Beijing Key Lab of New Energy Materials and Technology, School of Materials Science and Engineering, University of Science and Technology Beijing, China.
Phys Chem Chem Phys. 2012 Apr 7;14(13):4475-81. doi: 10.1039/c2cp23955h. Epub 2012 Feb 27.
Nanostructured Bi(2-x)Cu(x)S(3) (x = 0, 0.002, 0.005, 0.007, 0.01, 0.03) thermoelectric polycrystals were fabricated by combining mechanical alloying (MA) and spark plasma sintering (SPS) methods. The effect of Cu content on the microstructure and thermoelectric property of Bi(2-x)Cu(x)S(3) bulk samples was investigated. It was found that the subtle tailoring of Cu content could reduce both the electrical resistivity and the thermal conductivity at the same time, and consequently enhancing the thermoelectric property. A low electrical resistivity of 1.34 × 10(-4)Ω m(-1) and a low thermal conductivity of 0.52 W m(-1) K(-1) were obtained for the Bi(1.995)Cu(0.005)S(3) sample at 573 K. The low thermal conductivity is supposed to be due to the nanoscopic Cu-rich regions embedded in the host matrix. A peak ZT value of 0.34 at 573 K was achieved for the Bi(1.995)Cu(0.005)S(3) composition, which is the highest value in the Bi(2)S(3) system reported so far.

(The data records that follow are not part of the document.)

(* Let $n,t$ be positive integers and let $\mathcal{B}$ be a partition of $[n]=\{1,\ldots,n\}$ into $t$ nonempty blocks. For every nonempty $\mathcal{B}'\subseteq\mathcal{B}$ and every $\underline{i}\in[n]$, $$K[\underline{i},\mathcal{B}']=\min_{\underline{B}\in\mathcal{B}'}\Big\{\delta(\underline{i},\underline{B})+K[\omega(\underline{i},\underline{B})+_n1,\ \mathcal{B}'\setminus\{\underline{B}\}]\Big\},$$ where for the empty set one uses the convention $K[1,\varnothing]=0$ and $K[\underline{i},\varnothing]=1$ for $\underline{i}\neq1$. In particular, the minimum number of segments of a valid placement of $\mathcal{B}$, which is $K[1,\mathcal{B}]$, is computed by this recurrence.
   Context: Each block $B\in\mathcal{B}$ is written as an increasing sequence $\langle i_1<i_2<\cdots<i_\ell\rangle$ of its elements. Let $A(n)$ be the infinite sequence obtained by concatenating infinitely many copies of $\langle1,2,\ldots,n\rangle$. Each copy is called a segment, and the segments are numbered $1,2,3,\ldots$. A position of $A(n)$ is a pair $(\kappa,v)$ with segment index $\kappa\ge1$ and value $v\in[n]$. Positions are ordered lexicographically. For a nonempty $\mathcal{B}'\subseteq\mathcal{B}$, a placement of $\mathcal{B}'$ assigns to each element $x\in\bigcup_{B\in\mathcal{B}'}B$ a position $(\kappa_x,x)$ of $A(n)$, with distinct elements receiving distinct positions. A placement is valid if, for any two distinct blocks $B,C\in\mathcal{B}'$, no element of $B$ is placed strictly between the smallest and the largest positions occupied by elements of $C$. The number of segments used by a placement is the largest segment index $\kappa_x$ occurring in it. For $\underline{i}\in[n]$, $K[\underline{i},\mathcal{B}']$ denotes the minimum number of segments used by a valid placement of $\mathcal{B}'$ in which every element is placed at a position $\ge(1,\underline{i})$. For $\underline{i}\in[n]$ and $B=\langle i_1<\cdots<i_\ell\rangle$: - If $\underline{i}\le i_1$ or $i_\ell<\underline{i}$, then $\omega(\underline{i},B)=i_\ell$. - Otherwise $i_l<\underline{i}\le i_{l+1}$ for a unique $l\in[\ell-1]$, and $\omega(\underline{i},B)=i_l$. $\delta(\underline{i},B)=0$ if $\underline{i}\le i_1$ and $i_\ell<n$, and $\delta(\underline{i},B)=1$ otherwise. $a+_n1$ denotes $a+1$ reduced modulo $n$, with result $0$ replaced by $n$; thus $a+_n1=a+1$ for $a<n$ and $n+_n1=1$. A valid placement of $\mathcal{B}$ corresponds to a solution of the Train Marshalling Problem: placing element $i$ in segment $\kappa$ means sending railcar $i$ to classification track $\kappa$. The minimum number of classification tracks therefore equals $K[1,\mathcal{B}]$. *)

(* Elements of [n] = {1,...,n} are represented by x : 'I_n,
   with paper value  el x = x.+1  (so x = 0 represents element 1). *)
From Stdlib Require Import ClassicalEpsilon.
From mathcomp Require Import all_boot.
Set Implicit Arguments. Unset Strict Implicit. Unset Printing Implicit Defensive.

Section TMP.
Variable n : nat.

Definition el (x : 'I_n) : nat := x.+1.

Definition addn1_mod (a : nat) : nat :=
  let r := (a + 1) %% n in if r == 0 then n else r.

采用机械合金化(MA)和火花等离子烧结(SPS)相结合的方法制备了 Bi(2-x)Cu(x)S(3)(x = 0、0.002、0.005、0.007、0.01、0.03)纳米结构多晶热电体。研究了 Cu 含量对 Bi(2-x)Cu(x)S(3)块状样品的微观结构和热电性能的影响。结果表明,Cu 含量的细微调整可以同时降低电阻率和热导率,从而提高热电性能。在 573 K 时,Bi(1.995)Cu(0.005)S(3)样品的电阻率为 1.34×10(-4)Ω m(-1),热导率为 0.52 W m(-1) K(-1),达到了较低的值。低的热导率归因于纳米级富 Cu 区域嵌入在主相中。对于 Bi(1.995)Cu(0.005)S(3)组成,在 573 K 时获得了 0.34 的峰值 ZT 值,这是迄今为止报道的 Bi(2)S(3)体系中的最高值。